Histoire & Description

Origine

Le Kiyomi (清見) est le tout premier tangor moderne développé au Japon, fruit d'un long travail de sélection mené par l'équipe du Dr. Nishiura à la station expérimentale d'Okitsu, dans la préfecture de Shizuoka, officiellement enregistré en 1979. Il résulte du croisement entre la Satsuma Miyagawa (Citrus unshiu), réputée pour sa douceur et son absence de pépins, et l'Orange Trovita (Citrus sinensis), variété d'origine californienne connue pour sa chair orange profond et son jus abondant. Son nom, qui signifie « vue pure » ou « vision claire » en japonais, évoque la mer d'Okitsu visible depuis la station de recherche où il fut sélectionné. Le Kiyomi a profondément marqué la sélection variétale japonaise en devenant le parent fondateur d'une génération entière d'agrumes prestigieux, dont le Shiranui (Dekopon), le Harumi, le Setoka et le Haruka, constituant à lui seul une part majeure de l'héritage agrumicole japonais moderne. Sa rusticité, héritée de la lignée Satsuma, permet aujourd'hui son acclimatation dans les zones 8a françaises, sur des porte-greffes adaptés comme le FA5 ou le Poncirus trifoliata.

Description de l'arbre

Le Kiyomi forme un arbre compact de 2,5 à 3 mètres à maturité, au port arrondi et au feuillage persistant d'un vert profond légèrement luisant. Sa croissance est modérée et régulière, avec une ramification fine qui lui confère une silhouette élégante rappelant celle de ses parents Satsuma. La floraison blanche, très parfumée, intervient au printemps, et l'arbre entre en production rapidement, dès la troisième ou quatrième année après greffage. Sa rusticité attestée entre -10°C et -12°C sur porte-greffe résistant le place dans le groupe des tangors japonais les plus adaptés aux climats tempérés d'Europe occidentale.

Qualité du fruit

Les fruits, en forme d'orange légèrement aplatie d'environ 10 cm de diamètre et 200 à 250 grammes, présentent une peau fine jaune-orange relativement adhérente — trait typique des tangors. La chair orange vif est particulièrement tendre, fondante et très juteuse, offrant un équilibre remarquable entre sucre et acidité, sans amertume.
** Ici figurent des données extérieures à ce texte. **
(* Let $F$ be a $4$-regular graph, let $D$ be a directed version of $F$, let $\mathbf o$ be a transitional orientation of $F$, and let $\Gamma$ be a cycle spanning set of $F-E$, where $E\subseteq E(F)$ contains at most one edge from each connected component of $F$. Then $\mathrm{CM}(F,\Gamma,D)\cdot\Delta_{D,\mathbf o}$ is a representation of $Q(F)$. This representation is strict when $|E|=c(F)$.
   Context: Graphs: $G=(V,H,E,\epsilon)$ with finite sets of vertices $V$ and half-edges $H$, a partition $E$ of $H$ into unordered pairs (edges), and $\epsilon:H\to V$; loops and multiple edges allowed. $c(G)$ is the number of connected components; $G-E'$ deletes the edges of $E'$. A directed version orders each edge as (tail, head). A single transition is an unordered pair of distinct half-edges incident with a common vertex; a directed single transition is such an ordered pair. A closed walk is a sequence $((h_1,h_2),\dots,(h_{n-1},h_n))$ of directed single transitions with $\{h_2,h_3\},\{h_4,h_5\},\dots,\{h_n,h_1\}$ edges, up to cyclic shift. $\sigma(D,W)\in\mathbb Z^{E}$ counts, at each edge, traversals by $W$ along its direction in $D$ minus traversals against it. A circuit is a nonempty closed walk using each half-edge at most once, with orientation forgotten. The cycle space of $D$ is the right null space over $\mathbb Q$ of its vertex-edge incidence matrix. A cycle basis is a set $B$ of closed walks such that the $\sigma(D,W)$, $W\in B$, are pairwise distinct and form a basis of the cycle space; a cycle spanning set is a set of closed walks containing a cycle basis. $\mathrm{CM}(G,\Gamma,D)$ is the $\Gamma\times E(G)$ matrix with row $\sigma(D,W)$ for $W\in\Gamma$. $F$ is $4$-regular if every vertex is incident with exactly $4$ half-edges. A transition at $v$ is a partition of the four half-edges at $v$ into two single transitions; $\mathfrak T(F)$ is the set of transitions. A circuit partition $P$ is a set of circuits such that every half-edge lies in exactly one single transition of exactly one circuit of $P$; $\tau(P)$ is the set of transitions both of whose single transitions occur in circuits of $P$; each set containing exactly one transition at every vertex equals $\tau(P)$ for a unique $P$. A transitional orientation $\mathbf o$ assigns to each transition $t$ one of its two single transitions $\mathbf o(t)$. $\Delta_{D,\mathbf o}$ is the $E(F)\times\mathfrak T(F)$ matrix over $\mathbb Q$ whose $(e,t)$ entry is $1$ if $e\cap\mathbf o(t)=\{h\}$ with $h$ the tail of $e$ in $D$, $-1$ if $e\cap\mathbf o(t)=\{h\}$ with $h$ the head, and $0$ otherwise. Multimatroids: for a partition $\Omega$ of a finite set $U$ (skew classes), a transversal meets every skew class in exactly one element; a subtransversal is a subset of a transversal. A multimatroid $(U,\Omega,r)$ has $r$ from subtransversals to $\mathbb N$ such that on each subtransversal $S$, $r$ is a matroid rank function, and for $x\ne y$ in a skew class disjoint from $S$, $\max\{r(S\cup\{x\}),r(S\cup\{y\})\}>r(S)$. A representation is a matrix with columns indexed by $U$ such that the rank of the columns in any subtransversal $S$ equals $r(S)$; it is strict if the matrix rank equals $\max r$. The Eulerian $3$-matroid $Q(F)$ is the unique multimatroid $(\mathfrak T(F),\Omega,r)$ whose skew classes are the sets of three transitions at each vertex and such that for every transversal $T=\tau(P)$, $r(T)=|V(F)|-(|P|-c(F))$. *)

From HB Require Import structures.
From mathcomp Require Import all_boot all_order all_algebra.
Set Implicit Arguments. Unset Strict Implicit. Unset Printing Implicit Defensive.
Import GRing.Theory Num.Theory.

(* A graph G = (V, H, E, eps): finite vertex set gV, finite half-edge set gH,
   the partition E of gH into unordered pairs is encoded by the fixed-point
   free involution [mate] (the edges are the pairs {h, mate h}). *)
Record graph := Graph {
  gV : finType;
  gH : finType;
  mate : gH -> gH;
  eps : gH -> gV;
  mate_invol : involutive mate;
  mate_nofix : forall h, mate h != h }.

Section GraphDefs.
Variable G : graph.
Local Notation V := (gV G).
Local Notation H := (gH G).
Local Open Scope ring_scope.

Definition adj : rel V := fun u v => [exists h : H, (eps h == u) && (eps (mate h) == v)].
Definition ncomp : nat := #|[set [set w | connect adj v w] | v : V]|.

Definition four_regular : Prop := forall v : V, #|[set h : H | eps h == v]| = 4.

Definition edge_set : {set {set H}} := [set [set h; mate h] | h : H].
Definition edge := {e : {set H} | e \in edge_set}.

(* a directed version: tl h = true iff h is the tail of its edge *)
Definition directed (tl : H -> bool) : Prop := forall h, tl (mate h) = ~~ tl h.

(* closed walks: a nonempty sequence of directed single transitions
   (h1,h2),...,(h_{n-1},h_n) with {h2,h3},...,{hn,h1} edges *)
Definition walk := seq (H * H).
Definition single_ok (p : H * H) : bool := (p.1 != p.2) && (eps p.1 == eps p.2).
Definition closed_walk (w : walk) : bool :=
  [&& w != [::], all single_ok w & cycle (fun p q : H * H => q.1 == mate p.2) w].

(* closed walk of G - E' : uses no half-edge of a deleted edge *)
Definition avoids (E' : {set edge}) (w : walk) : bool :=
  all (fun p : H * H => [forall e in E', (p.1 \notin val e) && (p.2 \notin val e)]) w.

(* sigma(D,W) : traversal of edge {b_j, a_{j+1}} = {b_j, mate b_j} from b_j *)
Definition sigma (tl : H -> bool) (w : walk) (e : edge) : rat :=
  (\sum_(p <- w | p.2 \in val e) (if tl p.2 then 1 else -1))%R.

(* vertex-edge incidence matrix of D (loops give 0) *)
Definition inc (tl : H -> bool) (v : V) (e : edge) : rat :=
  (\sum_(h in val e | eps h == v) (if tl h then 1 else -1))%R.

(* the cycle space of D - E', with vectors of Q^{E(G) \ E'} extended by 0 on E' *)
Definition cycvec (tl : H -> bool) (E' : {set edge}) (x : edge -> rat) : Prop :=
  (forall e, e \in E' -> x e = 0%R) /\
  (forall v : V, (\sum_(e in [set e | e \notin E']) inc tl v e * x e)%R = 0%R).

Definition rowv (x : edge -> rat) : 'rV[rat]_#|{: edge}| := \row_k x (enum_val k).

Definition cycle_basis (tl : H -> bool) (E' : {set edge}) (I : finType)
    (w : I -> walk) (B : {set I}) : Prop :=
  (forall i, i \in B -> closed_walk (w i) && avoids E' (w i)) /\
  (forall i j, i \in B -> j \in B -> i != j ->
      rowv (sigma tl (w i)) <> rowv (sigma tl (w j))) /\
  (forall i, i \in B -> cycvec tl E' (sigma tl (w i))) /\
  row_free (\matrix_(k < #|B|) rowv (sigma tl (w (enum_val k)))) /\
  (forall x, cycvec tl E' x ->
      (rowv x <= \matrix_(k < #|B|) rowv (sigma tl (w (enum_val k))))%MS).

(* Gamma = {w i | i in I} is a cycle spanning set of D - E' (a set of closed
   walks, each considered up to cyclic shift) *)
Definition cycle_spanning_set (tl : H -> bool) (E' : {set edge}) (I : finType)
    (w : I -> walk) : Prop :=
  (forall i, closed_walk (w i) && avoids E' (w i)) /\
  (forall i j, i != j -> forall k, w j != rot k (w i)) /\
  (exists B : {set I}, cycle_basis tl E' w B).

Definition is_trans (P : {set {set H}}) : bool :=
  [exists v : V, partition P [set h | eps h == v] && [forall B in P, #|B| == 2]].
Definition trans := {P : {set {set H}} | is_trans P}.
Definition trans_at (v : V) (t : trans) : bool := cover (val t) == [set h | eps h == v].

Definition trans_orientation (o : trans -> {set H}) : Prop := forall t, o t \in val t.

Definition Delta (tl : H -> bool) (o : trans -> {set H}) (e : edge) (t : trans) : rat :=
  if #|val e :&: o t| == 1%N then
    (\sum_(h in val e :&: o t) (if tl h then 1 else -1))%R
  else 0%R.

Definition halfedges (w : walk) : seq H := flatten [seq [:: p.1; p.2] | p <- w].
Definition circuit (w : walk) : bool := closed_walk w && uniq (halfedges w).
Definition circuit_partition (ps : seq walk) : Prop :=
  all circuit ps /\
  forall h : H, (\sum_(w <- ps) count (fun p : H * H => (p.1 == h) || (p.2 == h)) w = 1)%N.
Definition tau (ps : seq walk) : {set trans} :=
  [set t : trans | [forall B in val t,
      has (fun w : walk => has (fun p : H * H => [set p.1; p.2] == B) w) ps]].

(* multimatroids with ground set trans and skew classes {t | trans_at v t} *)
Definition subtransversal (S : {set trans}) : bool :=
  [forall v : V, (#|[set t in S | trans_at v t]| <= 1)%N].

Definition multimatroid (r : {set trans} -> nat) : Prop :=
  (forall S, subtransversal S -> forall X Y : {set trans}, X \subset S -> Y \subset S ->
     [/\ (r X <= #|X|)%N, (X \subset Y -> (r X <= r Y)%N) & (r (X :|: Y) + r (X :&: Y) <= r X + r Y)%N])
  /\
  (forall S (v : V) (x y : trans), subtransversal S ->
     (forall t, t \in S -> ~~ trans_at v t) -> trans_at v x -> trans_at v y -> x != y ->
     (r S < maxn (r (x |: S)) (r (y |: S)))%N).

(* r is (the rank function of) the Eulerian 3-matroid Q(G):
   r(tau(P)) = |V| - (|P| - c(G)) for every circuit partition P *)
Definition is_Q (r : {set trans} -> nat) : Prop :=
  multimatroid r /\
  forall ps, circuit_partition ps -> (r (tau ps) + size ps = #|V| + ncomp)%N.

Definition colv (I : finType) (M : I -> trans -> rat) (t : trans) : 'rV[rat]_#|{: I}| :=
  \row_k M (enum_val k) t.
Definition crank (I : finType) (M : I -> trans -> rat) (S : {set trans}) : nat :=
  \rank (\matrix_(k < #|S|) colv M (enum_val k)).
Definition represents (I : finType) (M : I -> trans -> rat) (r : {set trans} -> nat) : Prop :=
  forall S, subtransversal S -> crank M S = r S.
Definition strict_rep (I : finType) (M : I -> trans -> rat) (r : {set trans} -> nat) : Prop :=
  crank M setT = (\max_(S : {set trans} | subtransversal S) r S)%N.

Definition CMDelta (tl : H -> bool) (o : trans -> {set H}) (I : finType) (w : I -> walk)
    (i : I) (t : trans) : rat :=
  (\sum_(e : edge) sigma tl (w i) e * Delta tl o e t)%R.

End GraphDefs.

From HB Require Import structures.
From mathcomp Require Import all_boot all_order all_algebra.
From mathcomp Require Import zify ring lra.
Set Implicit Arguments. Unset Strict Implicit. Unset Printing Implicit Defensive.
Import GRing.Theory.

(* Let Z be the cycle space of F - E.  A vector x of Z lies in the kernel of
   the columns of CM * Delta indexed by S iff the flow of x through o(t)
   vanishes for every t in S.  For a transversal tau(P) these x are exactly
   the combinations of the circuits of P that avoid E, which are independent;
   every other circuit of P contains exactly one edge of E, so the column rank
   of tau(P) is dim Z - |P| + |E|, and it differs from r(tau(P)) by the
   constant dim Z + |E| - |V| - c(F).  At an uncovered vertex of a
   subtransversal some transition raises the column rank by one, and some
   transition raises r by one (second multimatroid axiom).  Completing the
   empty set greedily in both ways shows that the constant is 0, and induction
   on the number of uncovered vertices gives rank = r on all subtransversals.
   When |E| = c(F) this also yields dim Z = |V| = max r. *)

Lemma sum_nat_eq (S : finType) (P : pred S) (a : S) : (\sum_(s | P s) (a == s) = P a)%N.
Proof.
case: (boolP (P a)) => Pa.
  by rewrite (bigD1 a) //= eqxx big1 // => s /andP[_ /negbTE]; rewrite eq_sym => ->.
by rewrite big1 // => s Ps; case: eqP => // eq_as; rewrite eq_as Ps in Pa.
Qed.

Lemma sum_count_eq (T : Type) (S : finType) (r : seq T) (f : T -> S) (P : pred S) :
  (\sum_(s | P s) count (fun x => f x == s) r = count (fun x => P (f x)) r)%N.
Proof.
elim: r => [|x r IH] /=; first by rewrite big1.
by rewrite big_split /= IH sum_nat_eq.
Qed.

Lemma sum_set2 (T : finType) (V : nmodType) (f : T -> V) a b : a != b ->
  (\sum_(h in [set a; b]) f h = f a + f b)%R.
Proof. by move=> ab; rewrite big_setU1 ?big_set1 // inE. Qed.

Section EdgeFlows.
Variables (F : graph) (tl : gH F -> bool).
Hypothesis tl_dir : directed tl.
Local Notation V := (gV F).
Local Notation H := (gH F).
Local Open Scope ring_scope.

Lemma edge_set_pair (h : H) : [set h; mate h] \in edge_set F.
Proof. by apply/imsetP; exists h. Qed.

Definition edge_of (h : H) : edge F := exist (fun e => e \in edge_set F) _ (edge_set_pair h).

Lemma edge_of_mate h : edge_of (mate h) = edge_of h.
Proof. by apply: val_inj; rewrite /= mate_invol setUC. Qed.

Lemma edge_of_onto (e : edge F) : exists h, e = edge_of h.
Proof. by case: e => e /[dup] /imsetP [h _ ->] he; exists h; apply: val_inj. Qed.

Lemma in_edge (h : H) (e : edge F) : (h \in val e) = (e == edge_of h).
Proof.
apply/idP/eqP => [|->]; last by rewrite !inE eqxx.
by have [h0 ->] := edge_of_onto e; rewrite !inE => /orP[] /eqP ->; rewrite ?edge_of_mate.
Qed.

Lemma sum_edges_halfedges (P : pred H) (G : edge F -> H -> rat) :
  \sum_(e : edge F) \sum_(h in val e | P h) G e h = \sum_(h | P h) G (edge_of h) h.
Proof.
rewrite (exchange_big_dep P) /=; last by move=> e h _ /andP[].
apply: eq_bigr => h Ph; rewrite (big_pred1 (edge_of h)) // => e /=.
by rewrite -in_edge Ph andbT.
Qed.

Definition hsign (h : H) : rat := if tl h then 1 else -1.

Lemma hsign_mate h : hsign (mate h) = - hsign h.
Proof. by rewrite /hsign tl_dir; case: (tl h); rewrite ?opprK. Qed.

Lemma hsign_sqr h : hsign h * hsign h = 1.
Proof. by rewrite /hsign; case: (tl h); rewrite ?mulrNN mulr1. Qed.

Lemma sum_hsign_edge (e : edge F) : \sum_(h in val e) hsign h = 0.
Proof.
have [h ->] := edge_of_onto e; rewrite big_setU1 /= ?inE 1?eq_sym ?mate_nofix //.
by rewrite big_set1 hsign_mate addrN.
Qed.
Lorsque l'arbre est isolé d'autres agrumes pollinisateurs, les fruits sont totalement dépourvus de pépins, ce qui en fait l'un des tangors les plus appréciés au Japon pour la consommation de table.
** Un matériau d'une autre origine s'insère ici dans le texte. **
Lemma sum_sqr_fdiff_ext_row x : sum_sqr_fdiff N (ext_row x) = sqnorm (x *m (Vmx R N)^T).
Proof.
rewrite /sum_sqr_fdiff big_add1 /= big_mkord; apply: eq_bigr => i _.
rewrite mxE fdiff_ext_row (_ : (i.+1)%:Z - 1 = i%:Z); last by rewrite -addn1 PoszD addrK.
by congr (_ ^+ 2); apply: eq_bigr => j _; rewrite !mxE; reflexivity.
Qed.

Lemma sum_sqr_fdiff2_ext_row x : sum_sqr_fdiff2 N (ext_row x) = sqnorm (x *m (Wmx R N)^T).
Proof.
rewrite /sum_sqr_fdiff2 big_add1 /= big_mkord; apply: eq_bigr => i _.
rewrite mxE fdiff2_ext_row (_ : (i.+1)%:Z - 2 = i%:Z - 1); last by rewrite -addn1 PoszD; ring.
by congr (_ ^+ 2); apply: eq_bigr => j _; rewrite !mxE; reflexivity.
Qed.

Lemma lambda1_sqnorm_le x : (0 < N)%N ->
  lambda1 R N * sqnorm x <= sum_sqr_fdiff N (ext_row x).
Proof.
move=> N0; rewrite sum_sqr_fdiff_ext_row.
by have := min_eig_gram_le (Vmx R N)^T x N0; rewrite trmxK.
Qed.

Lemma lambda2_sqnorm_le x : (0 < N)%N ->
  lambda2 R N * sqnorm x <= sum_sqr_fdiff2 N (ext_row x).
Proof.
move=> N0; rewrite sum_sqr_fdiff2_ext_row.
by have := min_eig_gram_le (Wmx R N)^T x N0; rewrite trmxK.
Qed.

End Embedding.

Lemma sqr_growth_eventually_gt {R : realType} (a b M : R) : 0 < a ->
  exists r, forall s, r < s -> M < a * s ^+ 2 + b.
Proof.
move=> a0; exists (1 + `|M - b| / a) => s rs.
have Mb := ler_norm (M - b).
have rE : a * (1 + `|M - b| / a) = a + `|M - b| by field; rewrite gt_eqF.
have s1 : 1 < s by apply: le_lt_trans rs; rewrite lerDl divr_ge0 ?normr_ge0 ?ltW.
have : a * (1 + `|M - b| / a) < a * s by rewrite ltr_pM2l.
rewrite rE => asr; have : a * s <= a * s ^+ 2 by rewrite ler_pM2l // expr2 ler_peMl //; lra.
lra.
Qed.

Section SeqExtrema.
Context {d : Order.disp_t} {T : orderType d} {I : eqType}.

Lemma bigmin_seq_le (s : seq I) (F : I -> T) a x : x \in s ->
  (\big[Order.min/a]_(i <- s) F i <= F x)%O.
Proof.
elim: s => // b s IH; rewrite in_cons big_cons => /orP[/eqP ->|xs].
  by rewrite ge_min lexx.
by rewrite ge_min IH ?orbT.
Qed.

Lemma bigmax_seq_ge (s : seq I) (F : I -> T) a x : x \in s ->
  (F x <= \big[Order.max/a]_(i <- s) F i)%O.
Proof.
elim: s => // b s IH; rewrite in_cons big_cons => /orP[/eqP ->|xs].
  by rewrite le_max lexx.
by rewrite le_max IH ?orbT.
Qed.

End SeqExtrema.

Section Locality.
Context {R : realType} (N : nat).
Implicit Types (y z : int -> R).

Lemma Jfun_eq_on p q (f : int -> R -> R) y z :
  (forall k, -1 <= k <= N%:Z + 2 -> y k = z k) -> Jfun N p q f y = Jfun N p q f z.
Proof.
move=> yz; rewrite /Jfun; congr (_ - _ + _); apply: eq_big_nat => k /andP[k1 k2];
  by rewrite /fdiff ?yz //; apply/andP; split; lia.
Qed.

Lemma normE_eq_on y z : (forall k, 1 <= k <= N%:Z -> y k = z k) -> normE N y = normE N z.
Proof.
move=> yz; rewrite /normE; congr Num.sqrt; apply: eq_big_nat => k /andP[k1 k2].
by rewrite yz //; apply/andP; split; lia.
Qed.

End Locality.

Section Coercivity.
Context {R : realType} {N : nat} {p q : int -> R} {f : int -> R -> R}.
Hypothesis N_gt0 : (0 < N)%N.

Let pmin_le (k : nat) : (1 <= k < N.+3)%N -> pmin N p <= p k%:Z.
Proof. by move=> kN; apply: bigmin_seq_le; rewrite mem_index_iota. Qed.

Let qmax_ge (k : nat) : (1 <= k < N.+2)%N -> q k%:Z <= qmax N q.
Proof. by move=> kN; apply: (bigmax_seq_ge _ (fun k : nat => q k%:Z)); rewrite mem_index_iota. Qed.

Lemma eta_p_sqnorm_le (x : 'rV[R]_N) :
  eta_p N p * pmin N p * sqnorm x <= pmin N p * sum_sqr_fdiff2 N (ext_row x).
Proof.
rewrite /eta_p [_ * pmin N p]mulrC -mulrA; case: ifPn => [p0|].
  by rewrite ler_wpM2l // lambda2_sqnorm_le.
rewrite -ltNge => p0; rewrite ler_wnM2l ?(ltW p0) // -sum_sqr_ext_row.
by apply: sum_sqr_fdiff2_le; exact: ext_row_out.
Qed.

Lemma eta_q_sqnorm_ge (x : 'rV[R]_N) :
  qmax N q * sum_sqr_fdiff N (ext_row x) <= eta_q N q * qmax N q * sqnorm x.
Proof.
rewrite /eta_q [_ * qmax N q]mulrC -mulrA; case: ifPn => [q0|].
  by rewrite ler_wnM2l ?(ltW q0) // lambda1_sqnorm_le.
rewrite -leNgt => q0; rewrite ler_wpM2l // -sum_sqr_ext_row.
by apply: sum_sqr_fdiff_le; exact: ext_row_out.
Qed.

Context {C : int -> R}.
Hypothesis C_le_Fprim : forall k, 1 <= k <= N%:Z -> forall s, C k <= Fprim f k s.

Lemma Jfun_ext_row_ge (x : 'rV[R]_N) :
  (eta_p N p * pmin N p - eta_q N q * qmax N q) / 2 * sqnorm x
   + \sum_(1 <= k < N.+1) C k%:Z <= Jfun N p q f (ext_row x).
Proof.
rewrite /Jfun.
have hp : pmin N p * sum_sqr_fdiff2 N (ext_row x) / 2 <=
    \sum_(1 <= k < N.+3) (p k%:Z / 2 * fdiff (fdiff (ext_row x)) (k%:Z - 2) ^+ 2).
  rewrite /sum_sqr_fdiff2 mulr_sumr mulr_suml; apply: ler_sum_nat => k kN.
  rewrite [leRHS]mulrAC; apply: ler_wpM2r; first by rewrite invr_ge0.
  by apply: ler_wpM2r; [exact: sqr_ge0 | exact: pmin_le].
have hq : \sum_(1 <= k < N.+2) (q k%:Z / 2 * fdiff (ext_row x) (k%:Z - 1) ^+ 2) <=
    qmax N q * sum_sqr_fdiff N (ext_row x) / 2.
  rewrite /sum_sqr_fdiff mulr_sumr mulr_suml; apply: ler_sum_nat => k kN.
  rewrite [leLHS]mulrAC; apply: ler_wpM2r; first by rewrite invr_ge0.
  by apply: ler_wpM2r; [exact: sqr_ge0 | exact: qmax_ge].
have hF : \sum_(1 <= k < N.+1) C k%:Z <= \sum_(1 <= k < N.+1) Fprim f k%:Z (ext_row x k%:Z).
  by apply: ler_sum_nat => k kN; apply: C_le_Fprim; apply/andP; split; lia.
have := eta_p_sqnorm_le x; have := eta_q_sqnorm_ge x; lra.
Qed.

Hypothesis eta_gap : 0 < eta_p N p * pmin N p - eta_q N q * qmax N q.

Lemma Jfun_coercive : coercive_on_E N (Jfun N p q f).
Proof.
move=> M; have [r rP] := @sqr_growth_eventually_gt _ _ (\sum_(1 <= k < N.+1) C k%:Z) M
  (divr_gt0 eta_gap (ltr0Sn _ 1)).
exists r => y yE ry; pose x := \row_(j < N) y (j.+1)%:Z.
have yx := ext_row_of_inE _ yE.
rewrite (@Jfun_eq_on _ _ _ _ _ _ (ext_row x)); last by move=> k /yx.
rewrite (@normE_eq_on _ _ _ (ext_row x)) ?normE_ext_row in ry; last first.
  by move=> k /andP[k1 k2]; rewrite yx //; apply/andP; split; lia.
apply: lt_le_trans (Jfun_ext_row_ge x).
by rewrite -[sqnorm x]sqr_sqrtr ?sqnorm_ge0 // rP.
Qed.

End Coercivity.

Section CriticalPoints.
Context {R : realType} (N : nat) (p q : int -> R) (f : int -> R -> R).
Hypothesis f_cont : forall k, 1 <= k <= N%:Z -> continuous (f k).
Implicit Types (y e : int -> R) (t : R).

Definition dJfun y e : R :=
  \sum_(1 <= k < N.+3) p k%:Z * fdiff (fdiff y) (k%:Z - 2) * fdiff (fdiff e) (k%:Z - 2)
  - \sum_(1 <= k < N.+2) q k%:Z * fdiff y (k%:Z - 1) * fdiff e (k%:Z - 1)
  + \sum_(1 <= k < N.+1) f k%:Z (y k%:Z) * e k%:Z.

Lemma is_derive_Jfun_line y e t :
  is_derive t 1 (fun s => Jfun N p q f (fun k => y k + s * e k))
    (dJfun (fun k => y k + t * e k) e).
Proof.
rewrite /Jfun /dJfun !fdiff_line; under eq_fun do rewrite !fdiff_line.
apply: is_deriveD; first apply: is_deriveB.
- by apply: is_derive_sum_seq => k _; exact: is_derive_sqr_line.
- by apply: is_derive_sum_seq => k _; exact: is_derive_sqr_line.
- apply: is_derive_sum_seq => k; rewrite mem_index_iota => kN.
  have kN' : 1 <= k%:Z <= N%:Z by apply/andP; split; lia.
  exact: is_derive1_comp (Fprim_derive (f_cont _ kN') _) (is_derive_line _ _ t).
Qed.

(* Against the unit vector at K each sum keeps only its terms at K, K + 1, K + 2,
   which reassemble into the difference operators at K. *)
Lemma dJfun_delta y (j : 'I_N) :
  dJfun y (ext_of (delta_mx j 0 : 'cV[R]_N)) = bvp_lhs p q f y (j.+1)%:Z.
Proof.
set K := (j.+1)%:Z; have jN := ltn_ord j.
have eE m : ext_of (delta_mx j 0 : 'cV[R]_N) m = (m == K)%:R by rewrite ext_of_delta.
pose P k := p k * fdiff (fdiff y) (k - 2); pose Q k := q k * fdiff y (k - 1).
have S1 : \sum_(1 <= k < N.+3) p k%:Z * fdiff (fdiff y) (k%:Z - 2)
      * fdiff (fdiff (ext_of (delta_mx j 0 : 'cV[R]_N))) (k%:Z - 2)
    = \sum_(1 <= k < N.+3) P k%:Z * (k%:Z == K)%:R
      - 2 * \sum_(1 <= k < N.+3) P k%:Z * (k%:Z == K + 1)%:R
      + \sum_(1 <= k < N.+3) P k%:Z * (k%:Z == K + 2)%:R.
  rewrite mulr_sumr -sumrB -big_split /=; apply: eq_bigr => k _.
  by rewrite (fdiff2_shiftE (ext_of _)) !eE !subr_eq /P; ring.
have S2 : \sum_(1 <= k < N.+2) q k%:Z * fdiff y (k%:Z - 1)
      * fdiff (ext_of (delta_mx j 0 : 'cV[R]_N)) (k%:Z - 1)
    = \sum_(1 <= k < N.+2) Q k%:Z * (k%:Z == K)%:R
      - \sum_(1 <= k < N.+2) Q k%:Z * (k%:Z == K + 1)%:R.
  rewrite -sumrB; apply: eq_bigr => k _.
  by rewrite (fdiff_shiftE (ext_of _)) !eE !subr_eq /Q; ring.
have S3 : \sum_(1 <= k < N.+1) f k%:Z (y k%:Z) * ext_of (delta_mx j 0 : 'cV[R]_N) k%:Z
    = \sum_(1 <= k < N.+1) f k%:Z (y k%:Z) * (k%:Z == K)%:R.
  by apply: eq_bigr => k _; rewrite eE.
rewrite /dJfun S1 S2 S3 !(sum_indicator (fun k => f k (y k))) ?sum_indicator;
  try by rewrite /K; apply/andP; split; lia.
by rewrite /bvp_lhs -/P -/Q fdiff2E /fdiff; ring.
Qed.

End CriticalPoints.

Section Minimizer.
Context {R : realType} {N : nat} {p q : int -> R} {f : int -> R -> R}.
Hypothesis f_cont : forall k, 1 <= k <= N%:Z -> continuous (f k).

Lemma continuous_Jfun_ext_row : continuous (fun x : 'rV[R]_N => Jfun N p q f (ext_row x)).
Proof.
rewrite /Jfun; apply: continuous_addf; first apply: continuous_subf.
- apply: continuous_sum => k _; under eq_fun do rewrite fdiff2_ext_row.
  exact: continuous_scaled_sqr (continuous_coord_comb _).
- apply: continuous_sum => k _; under eq_fun do rewrite fdiff_ext_row.
  exact: continuous_scaled_sqr (continuous_coord_comb _).
- apply: continuous_sum => k; rewrite mem_index_iota => kN x.
  apply: continuous_comp; first exact: continuous_ext_row.
  by apply: continuous_Fprim; apply: f_cont; apply/andP; split; lia.
Qed.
Intérêt gustatif et ornemental

Récolté entre décembre et février, le Kiyomi se déguste idéalement frais, coupé en quartiers, pour en apprécier la chair exceptionnellement juteuse et le parfum délicat aux notes d'orange douce et de mandarine. Son jus, peu acide et très aromatique, se prête admirablement aux cocktails raffinés et aux desserts japonais traditionnels comme les daifuku ou les gelées de konnyaku. Sur le plan ornemental, son feuillage dense et ses fruits jaune-orange persistant en hiver en font un sujet de collection apprécié des amateurs d'agrumes japonais, symbole vivant de l'âge d'or de la sélection variétale japonaise.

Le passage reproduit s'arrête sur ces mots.